=== Begin Enclosure ===
(* [T = S] yields the dual atoms [SG :\ S], [#|T| = k] the family M_k. *)
Definition irr_interval (T S : {set VI}) : bool :=
  [&& T != set0, T \subset S, #|T| <= k & (#|T| == k) || (T == S)].

Lemma separate_cointerval (x : {set {set VI}}) (V : {set VI}) :
  closed x -> V \in SG -> V \notin x ->
  exists T S, [/\ irr_interval T S, x \subset cointerval T S & V \notin cointerval T S].
Proof.
move=> [xSG xcl] SG_V Vx.
have /forallPn[T /forall_inPn[b bV]] : ~~ covered x V by apply: contra Vx; apply: xcl.
rewrite negb_imply => /andP[/andP[TV Tk] /exists_inPn noU].
have [Vk|kV] := leqP #|V| k.
  exists V, V; rewrite cointerval_id !inE eqxx /=; split=> //.
  - by rewrite /irr_interval -in_SG SG_V subxx Vk eqxx orbT.
  - apply/subsetP => U Ux; rewrite in_setD1 (subsetP xSG) // andbT.
    by apply: contraNneq Vx => <-.
have bTV : b |: T \subset V by rewrite subUset sub1set bV.
have bTk : #|b |: T| <= k := leq_trans (cardsU1_leq b T) Tk.
have [B [bTB BV Bk]] := exists_set_between bTV bTk (ltnW kV).
exists B, V; split.
- by rewrite /irr_interval BV Bk eqxx leqnn -card_gt0 Bk (leq_ltn_trans (leq0n _) Tk).
- apply/subsetP => U Ux; rewrite mem_cointerval (subsetP xSG) //=.
  apply: contra (noU U Ux) => /andP[BU UV].
  have bTU := subset_trans bTB BU.
  by rewrite (subset_trans (subsetUr _ _) bTU) UV (subsetP bTU) ?setU11.
- by rewrite mem_cointerval SG_V BV subxx.
Qed.

Lemma meet_irreducible_witness (x : {set {set VI}}) (S : {set VI}) :
  closed x -> S \notin x -> (forall y, closed y -> x \proper y -> S \in y) ->
  meet_irreducible k x.
Proof.
move=> cx Sx above; split; first exact/inTSDP.
move=> y z /inTSDP cy /inTSDP cz xE.
have [|xy] := eqVneq x y; first by left.
have [|xz] := eqVneq x z; first by right.
have x_lt_y : x \proper y by rewrite properEneq xy xE subsetIl.
have x_lt_z : x \proper z by rewrite properEneq xz xE subsetIr.
by case/negP: Sx; rewrite xE inE !above.
Qed.

Lemma meet_irreducibleT : meet_irreducible k SG.
Proof.
split; first exact/inTSDP/closedT.
move=> y z /inTSDP[ySG _] _ E; left.
by apply/eqP; rewrite eqEsubset ySG E subsetIl.
Qed.

Lemma cointerval_meet_irreducible (T S : {set VI}) :
  irr_interval T S -> meet_irreducible k (cointerval T S).
Proof.
case/and4P => T0 TS Tk Tkind.
have SG_S : S \in SG by apply: SG_supset TS _; rewrite in_SG.
apply: (meet_irreducible_witness (S := S)); first exact: closed_cointerval.
  by rewrite mem_cointerval SG_S TS subxx.
move=> y [ySG ycl] /properP[xy [V Vy]]; rewrite mem_cointerval (subsetP ySG) //=.
rewrite negbK => /andP[TV VS].
apply: ycl SG_S _; apply/coveredP => T' b T'S T'k bS.
have bT'k := leq_trans (cardsU1_leq b T') T'k.
have [TbT'|nTbT'] := boolP (T \subset b |: T').
  have bT'V : b |: T' \subset V.
    case/orP: Tkind => [/eqP Tk_eq | /eqP TS_eq].
      suff <- : T = b |: T' by [].
      by apply/eqP; rewrite eqEcard TbT' Tk_eq.
    have -> : V = S by apply/eqP; rewrite eqEsubset VS -TS_eq.
    by rewrite subUset sub1set bS.
  exists V => //; split => //; first exact: subset_trans (subsetUr _ _) bT'V.
  by apply: (subsetP bT'V); rewrite setU11.
exists (b |: T'); last by rewrite subsetUr subUset sub1set bS T'S setU11.
apply: (subsetP xy); rewrite mem_cointerval (negbTE nTbT') andbT inE.
by apply/set0Pn; exists b; rewrite setU11.
Qed.

Lemma closed_bigcap (I : eqType) (r : seq I) (F : I -> {set {set VI}}) :
  {in r, forall i, closed (F i)} -> closed (SG :&: \bigcap_(i <- r) F i).
Proof.
elim: r => [|i r IHr] cF; first by rewrite big_nil setIT; apply: closedT.
rewrite big_cons setICA; apply: closedI; first by apply: cF; rewrite mem_head.
by apply: IHr => j rj; apply: cF; rewrite in_cons rj orbT.
Qed.

Lemma meet_irreducible_bigcap (I : eqType) (r : seq I) (F : I -> {set {set VI}})
    (x : {set {set VI}}) :
  meet_irreducible k x -> {in r, forall i, closed (F i)} ->
  x = SG :&: \bigcap_(i <- r) F i -> x = SG \/ exists2 i, i \in r & x = F i.
Proof.
move=> [_ irr]; elim: r => [|i r IHr] cF; first by rewrite big_nil setIT; left.
have cFr : {in r, forall j, closed (F j)}.
  by move=> j rj; apply: cF; rewrite in_cons rj orbT.
rewrite big_cons setICA => /irr[].
- by apply/inTSDP/cF; rewrite mem_head.
- exact/inTSDP/closed_bigcap.
- by right; exists i; rewrite ?mem_head.
case/(IHr cFr) => [|[j rj xF]]; first by left.
by right; exists j; rewrite ?in_cons ?rj ?orbT.
Qed.

Lemma closed_eq_bigcap (x : {set {set VI}}) :
  closed x ->
  x = SG :&: \bigcap_(p | irr_interval p.1 p.2 && (x \subset cointerval p.1 p.2))
                cointerval p.1 p.2.
Proof.
move=> cx; apply/eqP; rewrite eqEsubset subsetI cx.1; apply/andP; split.
  by apply/bigcapsP => p /andP[].
apply/subsetP => V /setIP[SG_V /bigcapP Vcap]; apply: contraT => Vx.
have [T [S [TS xTS VTS]]] := separate_cointerval cx SG_V Vx.
by rewrite (Vcap (T, S)) ?TS in VTS.
Qed.

Lemma meet_irreducibleP (x : {set {set VI}}) :
  meet_irreducible k x <->
  x = SG \/ exists T S, irr_interval T S /\ x = cointerval T S.
Proof.
split=> [xMI | [-> | [T [S [TS ->]]]]]; last 2 first.
- exact: meet_irreducibleT.
- exact: cointerval_meet_irreducible.
have cx : closed x by apply/inTSDP; case: xMI.
have xE := closed_eq_bigcap cx; rewrite -big_filter in xE.
case: (meet_irreducible_bigcap xMI _ xE) => [[T S] | -> | [[T S] rTS ->]].
- rewrite mem_filter /= => /andP[/andP[/and4P[T0 _ Tk _] _] _].
  exact: closed_cointerval.
- by left.
- by move: rTS; rewrite mem_filter /= => /andP[/andP[TS _] _]; right; exists T, S.
Qed.

Lemma dual_atomP (x : {set {set VI}}) :
  dual_atom k x <-> exists S, [/\ S \in SG, #|S| <= k & x = SG :\ S].
Proof.
split=> [[/inTSDP cx [xT max]] | [S [SG_S Sk ->]]].
  have /subsetPn[V SG_V Vx] : ~~ (SG \subset x).
    by apply/negP => SGx; apply: xT; apply/eqP; rewrite eqEsubset cx.1.
  have [T [S [/and4P[T0 TS Tk _] xTS _]]] := separate_cointerval cx SG_V Vx.
  have SG_T : T \in SG by rewrite in_SG.
  exists T; split=> //; apply: max.
  - exact/inTSDP/closed_SGD1.
  - apply: subset_trans xTS _; apply/subsetP => U.
    rewrite mem_cointerval in_setD1 => /andP[-> nU]; rewrite andbT.
    by apply: contraNneq nU => ->; rewrite subxx TS.
  - by move/setP/(_ T); rewrite in_setD1 eqxx SG_T.
split; first exact/inTSDP/closed_SGD1.
split; first by move/setP/(_ S); rewrite in_setD1 eqxx SG_S.
move=> y /inTSDP[ySG _] Sy yT; apply/eqP; rewrite eqEsubset Sy /=.
apply/subsetP => U Uy; rewrite in_setD1 (subsetP ySG) // andbT.
apply: contra_not_neq yT => US; apply/eqP; rewrite eqEsubset ySG /=.
apply/subsetP => V SG_V; have [-> | VS] := eqVneq V S; first by rewrite -US.
by apply: (subsetP Sy); rewrite in_setD1 VS.
Qed.

Lemma dual_atom_or_Mk (x : {set {set VI}}) :
  dual_atom k x \/ inMk k x <-> exists T S, irr_interval T S /\ x = cointerval T S.
Proof.
split=> [[/dual_atomP[S [SG_S Sk ->]] | [T [S [SG_T _ TS Tk ->]]]] |
         [T [S [/and4P[T0 TsubS Tk Tkind] ->]]]].
- exists S, S; rewrite cointerval_id; split=> //.
  by rewrite /irr_interval -in_SG SG_S subxx Sk eqxx orbT.
- exists T, S; split=> //.
  by rewrite /irr_interval -in_SG SG_T (proper_sub TS) Tk eqxx leqnn.
have SG_T : T \in SG by rewrite in_SG.
have [TS | TneS] := eqVneq T S.
  by left; apply/dual_atomP; exists S; rewrite -TS cointerval_id.
right; exists T, S; split=> //; first exact: SG_supset TsubS SG_T.
  by rewrite properEneq TneS.
by move: Tkind; rewrite (negbTE TneS) orbF => /eqP.
Qed.

End TSD.

Theorem theorem4p3 (VI : finType) (n k : nat) :
  #|VI| = n -> 1 <= k <= n ->
  (forall x : {set {set VI}},
     meet_irreducible k x <-> x = SG VI \/ dual_atom k x \/ inMk k x) /\
  (forall x : {set {set VI}},
     dual_atom k x <->
     exists S : {set VI}, [/\ S \in SG VI, #|S| <= k & x = SG VI :\ S]).
Proof.
move=> _ _; split=> x; last exact: dual_atomP.
by rewrite meet_irreducibleP dual_atom_or_Mk.
Qed.
(* Let $k\ge 3$ and let $w$ be a word over $\{a,b\}$. Let $p$ and $q$ be two consecutive occurrences of $u=ba^{k-1}$ in $w$ ($p$ before $q$), with sets of forbidden local positions $F_p$ and $F_q$. If $F_q=\{0,i,i+1,\dots,k-1\}$ for some $1\le i\le k-1$ and $|F_p|=|F_q|$, then $F_p=F_q$.
   Context: $\Sigma=\{a,b\}$. $S_k=\left(\Sigma^k\setminus\{ba^{k-1},b^{k-1}a\}\right)\cup\left(\Sigma^{k-1}\setminus\{a^{k-1},b^{k-1}\}\right)$, $u=ba^{k-1}$, $v=b^{k-1}a$. $\mathit{Pref}(S^* )$ denotes the set of prefixes of words in $S^*$. For $w=w_1\cdots w_n$, $w[i..j]=w_i\cdots w_j$ (empty if $i>j$). A position $j$, $0\le j\le n-1$, is forbidden in $w$ if $w[j+1..n]\notin\mathit{Pref}(S_k^* )$. An occurrence of $p\in\{u,v\}$ in $w$ is an index $s$ with $w[s+1..s+k]=p$; local position $i\in\{0,\dots,k-1\}$ is the position $s+i$ of $w$, and it is forbidden in the occurrence if $s+i$ is forbidden in $w$. Two occurrences of words from $\{u,v\}$ starting at $s<t$ overlap if $t<s+k$; they are consecutive if either they overlap or they are the only occurrences of $u$ or $v$ lying inside the factor $w[s+1..t+k]$. *)

From mathcomp Require Import all_boot.
From Stdlib Require Import ClassicalEpsilon.
Set Implicit Arguments. Unset Strict Implicit. Unset Printing Implicit Defensive.

Definition la : bool := false.
Definition lb : bool := true.

Definition uw (k : nat) : seq bool := lb :: nseq k.-1 la.
Definition vw (k : nat) : seq bool := rcons (nseq k.-1 lb) la.

Definition inS (k : nat) (x : seq bool) : bool :=
  [&& size x == k, x != uw k & x != vw k] ||
  [&& size x == k.-1, x != nseq k.-1 la & x != nseq k.-1 lb].

Definition inSstar (k : nat) (x : seq bool) : Prop :=
  exists ws : seq (seq bool), all (inS k) ws /\ flatten ws = x.

Definition inPrefSstar (k : nat) (x : seq bool) : Prop :=
  exists y : seq bool, inSstar k (x ++ y).

(* Position j (0 <= j <= n-1) is forbidden in w iff w[j+1..n] = drop j w
   is not in Pref(S_k^* ). *)
Definition forbidden (k : nat) (w : seq bool) (j : nat) : Prop :=
  j < size w /\ ~ inPrefSstar k (drop j w).

Definition toBool (P : Prop) : bool :=
  if excluded_middle_informative P then true else false.

(* an occurrence of p in w starting at s: w[s+1..s+k] = p *)
Definition occ (k : nat) (p w : seq bool) (s : nat) : Prop :=
  s + k <= size w /\ take k (drop s w) = p.

Definition Floc (k : nat) (w : seq bool) (s : nat) : {set 'I_k} :=
  [set i : 'I_k | toBool (forbidden k w (s + i))].

Definition consecutive (k : nat) (w : seq bool) (s t : nat) : Prop :=
  s < t /\
  (t < s + k \/
   forall r, s <= r -> r + k <= t + k -> r <> s -> r <> t ->
     ~ occ k (uw k) w r /\ ~ occ k (vw k) w r).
=== End Enclosure ===
### Exercise goal:
Every line of the records containing the word "size" must appear in the answer.

### Answer box:
  [&& size x == k, x != uw k & x != vw k] ||
  [&& size x == k.-1, x != nseq k.-1 la & x != nseq k.-1 lb].
  j < size w /\ ~ inPrefSstar k (drop j w).
  s + k <= size w /\ take k (drop s w) = p.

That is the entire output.